EXERCISE: Each line below from the one containing "pose proof (hinner_pos x)." through the one containing "forall v : T, #|[set w | e v w]| = r." should be output exactly as it stands, and no other line should appear.

======== DATA UNDER STUDY

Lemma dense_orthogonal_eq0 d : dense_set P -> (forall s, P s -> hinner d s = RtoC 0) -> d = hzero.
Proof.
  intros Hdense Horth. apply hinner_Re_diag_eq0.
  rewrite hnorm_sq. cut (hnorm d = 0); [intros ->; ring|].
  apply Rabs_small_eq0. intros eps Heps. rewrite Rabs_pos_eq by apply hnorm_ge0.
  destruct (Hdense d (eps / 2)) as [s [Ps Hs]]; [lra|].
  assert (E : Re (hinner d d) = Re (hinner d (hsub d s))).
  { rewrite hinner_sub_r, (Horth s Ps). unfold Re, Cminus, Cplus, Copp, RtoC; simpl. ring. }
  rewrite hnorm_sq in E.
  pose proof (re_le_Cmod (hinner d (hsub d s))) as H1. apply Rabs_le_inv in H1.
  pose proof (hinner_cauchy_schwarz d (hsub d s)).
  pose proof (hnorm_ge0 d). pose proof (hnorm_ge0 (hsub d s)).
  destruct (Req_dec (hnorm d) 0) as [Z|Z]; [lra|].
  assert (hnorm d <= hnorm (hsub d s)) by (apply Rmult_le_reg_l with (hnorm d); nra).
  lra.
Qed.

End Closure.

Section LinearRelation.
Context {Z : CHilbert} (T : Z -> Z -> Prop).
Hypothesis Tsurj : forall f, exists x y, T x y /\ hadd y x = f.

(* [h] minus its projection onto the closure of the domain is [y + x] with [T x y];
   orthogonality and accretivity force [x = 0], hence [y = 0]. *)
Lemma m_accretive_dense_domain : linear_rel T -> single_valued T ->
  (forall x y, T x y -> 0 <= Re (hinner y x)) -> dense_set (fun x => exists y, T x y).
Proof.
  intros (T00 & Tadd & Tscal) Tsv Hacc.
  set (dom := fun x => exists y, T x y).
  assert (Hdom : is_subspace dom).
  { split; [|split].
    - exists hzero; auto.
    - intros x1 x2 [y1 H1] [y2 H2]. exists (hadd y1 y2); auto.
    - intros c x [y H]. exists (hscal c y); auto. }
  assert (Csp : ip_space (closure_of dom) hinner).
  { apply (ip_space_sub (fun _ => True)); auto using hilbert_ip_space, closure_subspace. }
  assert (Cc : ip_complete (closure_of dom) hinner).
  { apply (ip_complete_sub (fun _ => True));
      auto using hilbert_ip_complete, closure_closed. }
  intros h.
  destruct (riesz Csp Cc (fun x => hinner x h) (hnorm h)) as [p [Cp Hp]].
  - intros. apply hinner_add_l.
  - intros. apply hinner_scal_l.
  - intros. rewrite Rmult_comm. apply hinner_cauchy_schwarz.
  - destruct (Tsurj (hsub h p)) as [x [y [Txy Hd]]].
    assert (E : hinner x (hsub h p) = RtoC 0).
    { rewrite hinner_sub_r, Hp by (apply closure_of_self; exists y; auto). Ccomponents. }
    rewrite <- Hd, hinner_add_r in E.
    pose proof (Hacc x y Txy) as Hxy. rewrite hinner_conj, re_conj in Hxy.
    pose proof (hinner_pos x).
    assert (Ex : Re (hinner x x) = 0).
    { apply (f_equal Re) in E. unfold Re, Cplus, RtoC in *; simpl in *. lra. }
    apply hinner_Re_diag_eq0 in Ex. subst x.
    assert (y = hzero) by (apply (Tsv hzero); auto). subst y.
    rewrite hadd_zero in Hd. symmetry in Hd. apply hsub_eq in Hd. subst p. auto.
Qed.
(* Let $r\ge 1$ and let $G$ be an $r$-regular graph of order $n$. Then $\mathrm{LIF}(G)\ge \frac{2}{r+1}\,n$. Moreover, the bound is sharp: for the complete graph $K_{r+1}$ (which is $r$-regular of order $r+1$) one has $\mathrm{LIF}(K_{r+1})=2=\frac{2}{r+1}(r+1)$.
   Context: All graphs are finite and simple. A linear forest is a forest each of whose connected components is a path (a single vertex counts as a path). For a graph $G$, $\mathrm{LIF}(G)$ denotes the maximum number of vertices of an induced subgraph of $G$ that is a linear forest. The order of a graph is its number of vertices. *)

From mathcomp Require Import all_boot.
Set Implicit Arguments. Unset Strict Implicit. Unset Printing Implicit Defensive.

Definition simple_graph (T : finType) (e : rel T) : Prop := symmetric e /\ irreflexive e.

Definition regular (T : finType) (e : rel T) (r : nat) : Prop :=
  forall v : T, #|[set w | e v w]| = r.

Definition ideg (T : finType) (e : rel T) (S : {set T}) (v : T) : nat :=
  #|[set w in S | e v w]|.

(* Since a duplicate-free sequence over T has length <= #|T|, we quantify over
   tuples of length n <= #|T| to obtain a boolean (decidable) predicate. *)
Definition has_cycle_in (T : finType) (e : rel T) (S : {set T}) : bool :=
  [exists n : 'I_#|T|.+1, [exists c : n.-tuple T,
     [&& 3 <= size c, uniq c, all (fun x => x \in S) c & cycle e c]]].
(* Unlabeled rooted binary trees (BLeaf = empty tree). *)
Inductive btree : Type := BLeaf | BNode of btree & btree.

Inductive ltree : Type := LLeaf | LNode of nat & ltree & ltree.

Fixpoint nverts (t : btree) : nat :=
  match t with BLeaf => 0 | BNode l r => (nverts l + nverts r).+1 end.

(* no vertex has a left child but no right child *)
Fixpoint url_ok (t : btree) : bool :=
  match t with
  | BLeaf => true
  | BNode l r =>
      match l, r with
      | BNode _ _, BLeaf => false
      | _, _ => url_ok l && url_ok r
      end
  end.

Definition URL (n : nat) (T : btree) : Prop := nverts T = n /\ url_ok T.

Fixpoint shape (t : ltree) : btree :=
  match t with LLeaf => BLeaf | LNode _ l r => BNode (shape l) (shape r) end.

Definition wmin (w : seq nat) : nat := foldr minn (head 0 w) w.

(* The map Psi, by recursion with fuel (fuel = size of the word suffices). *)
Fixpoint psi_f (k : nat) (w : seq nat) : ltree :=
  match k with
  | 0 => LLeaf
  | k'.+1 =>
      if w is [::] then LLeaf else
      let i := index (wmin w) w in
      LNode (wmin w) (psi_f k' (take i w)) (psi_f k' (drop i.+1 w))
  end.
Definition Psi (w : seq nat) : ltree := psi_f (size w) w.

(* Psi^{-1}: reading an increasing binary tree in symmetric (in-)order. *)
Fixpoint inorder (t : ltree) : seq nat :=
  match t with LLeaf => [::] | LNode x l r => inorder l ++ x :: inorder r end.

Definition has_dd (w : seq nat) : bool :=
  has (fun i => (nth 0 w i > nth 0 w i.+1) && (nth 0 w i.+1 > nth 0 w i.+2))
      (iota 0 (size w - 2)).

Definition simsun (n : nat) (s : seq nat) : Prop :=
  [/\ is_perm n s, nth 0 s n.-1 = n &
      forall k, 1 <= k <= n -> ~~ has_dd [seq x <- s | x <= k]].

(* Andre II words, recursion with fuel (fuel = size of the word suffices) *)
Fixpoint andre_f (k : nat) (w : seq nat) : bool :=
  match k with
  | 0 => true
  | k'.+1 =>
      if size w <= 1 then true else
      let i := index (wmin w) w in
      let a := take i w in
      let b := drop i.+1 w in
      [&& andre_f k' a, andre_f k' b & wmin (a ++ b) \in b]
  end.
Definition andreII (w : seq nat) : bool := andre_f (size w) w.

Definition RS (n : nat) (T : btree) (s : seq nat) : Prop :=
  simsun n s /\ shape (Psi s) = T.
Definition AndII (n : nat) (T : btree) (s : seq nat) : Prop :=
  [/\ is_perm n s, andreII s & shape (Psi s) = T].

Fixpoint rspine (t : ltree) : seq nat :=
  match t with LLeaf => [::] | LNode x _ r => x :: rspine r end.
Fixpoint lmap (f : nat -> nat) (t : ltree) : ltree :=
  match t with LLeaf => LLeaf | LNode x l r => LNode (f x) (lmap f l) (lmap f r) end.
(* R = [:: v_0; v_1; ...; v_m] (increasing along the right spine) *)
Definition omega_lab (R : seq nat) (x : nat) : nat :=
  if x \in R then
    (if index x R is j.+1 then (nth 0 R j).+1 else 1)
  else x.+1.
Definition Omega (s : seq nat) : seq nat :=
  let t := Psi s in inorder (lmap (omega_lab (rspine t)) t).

================

OUTPUT:
    pose proof (hinner_pos x).
    assert (Ex : Re (hinner x x) = 0).
    { apply (f_equal Re) in E. unfold Re, Cplus, RtoC in *; simpl in *. lra. }
    apply hinner_Re_diag_eq0 in Ex. subst x.
    assert (y = hzero) by (apply (Tsv hzero); auto). subst y.
    rewrite hadd_zero in Hd. symmetry in Hd. apply hsub_eq in Hd. subst p. auto.
Qed.
(* Let $r\ge 1$ and let $G$ be an $r$-regular graph of order $n$. Then $\mathrm{LIF}(G)\ge \frac{2}{r+1}\,n$. Moreover, the bound is sharp: for the complete graph $K_{r+1}$ (which is $r$-regular of order $r+1$) one has $\mathrm{LIF}(K_{r+1})=2=\frac{2}{r+1}(r+1)$.
   Context: All graphs are finite and simple. A linear forest is a forest each of whose connected components is a path (a single vertex counts as a path). For a graph $G$, $\mathrm{LIF}(G)$ denotes the maximum number of vertices of an induced subgraph of $G$ that is a linear forest. The order of a graph is its number of vertices. *)

From mathcomp Require Import all_boot.
Set Implicit Arguments. Unset Strict Implicit. Unset Printing Implicit Defensive.

Definition simple_graph (T : finType) (e : rel T) : Prop := symmetric e /\ irreflexive e.

Definition regular (T : finType) (e : rel T) (r : nat) : Prop :=
  forall v : T, #|[set w | e v w]| = r.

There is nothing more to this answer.